Gilliam nunca presentó la versión acortada a la que estaba obligado porque se negó a realizar cambios bajo presión y el estudio tomó el control del film. Bajo el comando de Sheimberg, se encargó a una legión de editores que redujera en 40 minutos el metraje y lo transformara en una historia de amor. Gilliam se opuso con todas sus fuerzas en lo que resultó una de las batallas por el control creativo entre un cineasta y un estudio más celebres y mejor documentadas de la historia. Si bien Universal tenía un contrato de su lado, Gilliam estaba convencido de tener la razón del suyo. Su estrategia fue exponer el conflicto e intentar exhibir su versión de Brazil todo lo posible para ganar apoyo y a la vez demostrar que tenía una audiencia. Sin embargo, el film no podía ser proyectado sin la autorización de Universal, lo que llevó al director a organizar funciones clandestinas que solían ser interrumpidas por abogados. Además publicó un aviso a página completa en la revista Variety exponiendo al jefe del estudio y exigiéndole el estreno oficial del film, hecho que le ganó su enemistad de por vida.

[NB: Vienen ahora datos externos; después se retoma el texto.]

(* Let $q=3^m$ with $m\ge1$, let $\alpha\in\mathbb{F}_q$ be a non-square, and let $Z\in\mathbb{F}_{q^2}\setminus\mathbb{F}_q$ with $Z^2=\alpha$. Let $f(x)=x^{q+2}$ on $\mathbb{F}_{q^2}$ and for $b\in\mathbb{F}_{q^2}$ put $\beta(b)=\beta_f(1,\tfrac14 b)$. Then: (1) for every $c\in\mathbb{F}_q^*$, $\beta(c)=q+2$ if $c^2+1\in C_1$ and $\beta(c)=q$ otherwise; (2) for every $d\in\mathbb{F}_q^*$, $\beta(dZ)=1$; in particular $\nu_1>0$; (3) for all $c,d\in\mathbb{F}_q^*$, $\beta(c+dZ)\in\{0,1,2,5\}$.
   Context: $\beta_f(a,b)$ is the number of $(x,y)\in\mathbb{F}_{q^2}^2$ with $f(x)-f(y)=b$ and $f(x+a)-f(y+a)=b$. For the power function $f$, $\nu_i=\#\{b\in\mathbb{F}_{q^2}^*:\ \beta_f(1,b)=i\}$. $C_0$ (resp. $C_1$) denotes the set of nonzero squares (resp. non-squares) in $\mathbb{F}_q^*$. *)

From mathcomp Require Import all_boot all_order all_algebra.
Set Implicit Arguments. Unset Strict Implicit. Unset Printing Implicit Defensive.
Import GRing.Theory.
Local Open Scope ring_scope.

Section Defs.
Context {F : finFieldType}.

Definition inFq (q : nat) (x : F) : bool := x ^+ q == x.

Definition sqFq (q : nat) (x : F) : bool := [exists y : F, inFq q y && (y ^+ 2 == x)].

Definition C0 (q : nat) : {set F} := [set x | [&& inFq q x, x != 0 & sqFq q x]].
Definition C1 (q : nat) : {set F} := [set x | [&& inFq q x, x != 0 & ~~ sqFq q x]].

Definition Fqstar (q : nat) : {set F} := [set x | inFq q x && (x != 0)].

Definition betaf (f : F -> F) (a b : F) : nat :=
  #|[set xy : F * F | (f xy.1 - f xy.2 == b) && (f (xy.1 + a) - f (xy.2 + a) == b)]|.

Definition nu (f : F -> F) (i : nat) : nat :=
  #|[set b : F | (b != 0) && (betaf f 1 b == i)]|.
End Defs.

From HB Require Import structures.
From mathcomp Require Import all_boot all_order all_algebra all_field.
From mathcomp Require Import ring.
Import GRing.Theory.
Local Open Scope ring_scope.
Set Implicit Arguments. Unset Strict Implicit. Unset Printing Implicit Defensive.

(* The pairs counted by beta(b) satisfy g(x) = g(y) for g(x) = f(x + 1) - f(x)
   = 1 - (x - 1)(x^q - x), which forces either x, y in F_q, where f is the cube
   map (additive in characteristic 3) and contributes the q pairs with
   (x - y)^3 = b when b is in F_q, or y = -1 - x with x outside F_q and
   f(x) + f(x + 1) = b.  Writing x = 1 + a + cZ turns the last equation into
   two equations over F_q: for b = c0 they have 2 or 0 solutions according as
   c0^2 + 1 is a non-square, for b = dZ exactly one (c |-> alpha c^3 - c is a
   bijection of F_q), and for b = c0 + dZ their solutions correspond to the
   roots n = a^2 - alpha c^2 in F_q of the quintic
   (n^3 - c0^2)(n + 1)^2 + alpha d^2 n^2.  This quintic has discriminant
   c0^2 (alpha d^2)^4, a nonzero square of F_q; so once three of its roots lie
   in F_q, the discriminant of the remaining quadratic factor is a square of
   F_q too, and all five roots lie in F_q. *)

Lemma neqrN (F : fieldType) (x : F) : 2%:R != 0 :> F -> x != 0 -> x != - x.
Proof.
move=> two_nz x_nz; apply: contraNneq two_nz => xN.
have : x * 2%:R == 0 by rewrite mulr_natr mulr2n {2}xN subrr.
by rewrite mulf_eq0 (negPf x_nz).
Qed.

Lemma card_sqr_imset (F : finFieldType) (A : {set F}) :
  2%:R != 0 :> F -> 0 \notin A -> {in A, forall y, - y \in A} ->
  #|A| = (2 * #|[set y ^+ 2 | y in A]|)%N.
Proof.
move=> two_nz A0 AN; rewrite -sum1_card.
rewrite (partition_big (fun y => y ^+ 2) [in [set y ^+ 2 | y in A]]); last first.
  by move=> y Ay; apply/imsetP; exists y.
rewrite mulnC -sum_nat_const; apply: eq_bigr => _ /imsetP[y Ay ->].
have y_nz : y != 0 by apply: contraNneq A0 => <-.
rewrite sum1dep_card (_ : [set x | _] = [set y; - y]); last first.
  apply/setP=> x; rewrite !inE eqf_sqr; apply/andP/idP=> [[] //|xy].
  by split=> //; case/orP: xy => /eqP->; rewrite ?AN.
by rewrite cards2 neqrN.
Qed.

Lemma quadratic_eq0 (R : idomainType) (a2 a1 a0 r1 r2 r3 : R) :
  r1 != r2 -> r1 != r3 -> r2 != r3 ->
  a2 * r1 ^+ 2 + a1 * r1 + a0 = 0 -> a2 * r2 ^+ 2 + a1 * r2 + a0 = 0 ->
  a2 * r3 ^+ 2 + a1 * r3 + a0 = 0 -> [/\ a2 = 0, a1 = 0 & a0 = 0].
Proof.
move=> n12 n13 n23 e1 e2 e3.
have slope r r' : r != r' -> a2 * r ^+ 2 + a1 * r + a0 = a2 * r' ^+ 2 + a1 * r' + a0 ->
    a2 * (r + r') + a1 = 0.
  move=> nrr' e; apply: (mulfI (_ : r - r' != 0)); first by rewrite subr_eq0.
  transitivity (a2 * r ^+ 2 + a1 * r + a0 - (a2 * r' ^+ 2 + a1 * r' + a0)); first ring.
  by rewrite e subrr mulr0.
have s12 := slope _ _ n12 (etrans e1 (esym e2)).
have s13 := slope _ _ n13 (etrans e1 (esym e3)).
have a2_0 : a2 = 0.
  apply: (mulIf (_ : r2 - r3 != 0)); first by rewrite subr_eq0.
  by rewrite mul0r -[RHS](subrr 0) -{1}s12 -s13; ring.
have a1_0 : a1 = 0 by rewrite -s12 a2_0; ring.
by split=> //; rewrite -e1 a2_0 a1_0; ring.
Qed.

Después de un tiempo, todos los críticos más prominentes de Los Ángeles que estaban al tanto del conflicto habían visto la versión de Gilliam en exhibiciones secretas y, quizás por simpatía por el más débil en este enfrentamiento de David contra Golliat, le otorgaron a esta película que no había sido estrenada comercialmente en los Estados Unidos las mayores distinciones en la premiación de la Asociación de Críticos Cinematográficos de 1985. La publicidad generada por los escándalos y estos premios hizo que el estudio decidiera subirse a la ola y estrenar la versión del director. Tal como imaginaban, no fue un éxito aunque logró recuperar la inversión y, finalmente, se convirtió en un clásico. La versión encargada por Sheimberg, de 90 minutos y con un final en el que los protagonistas terminan viviendo juntos en una casita en el campo, se estrenó en televisión y previsiblemente resultó un desastre. Esta es uno de las pocos enfrentamientos entre un artista y un estudio en el que no solo el artista tenía completa razón sino que, además, ganó la batalla.
Bob, el plomero
En la guerra contra Universal, Gilliam recibió el apoyo de todo tipo de personalidades de la cultura, aunque su aliado más importante fue Robert De Niro, quien estaba en el cenit de su fama tras el Oscar por El toro salvaje y había aceptado el rol secundario del plomero rebelde Harry Tuttle, quien no está más de cinco minutos en la pantalla. Si bien De Niro jamás hacía promoción de sus propios films, esta vez decidió acompañar a Gilliam a todos los talk shows de la tv para exponer sus problemas con el estudio.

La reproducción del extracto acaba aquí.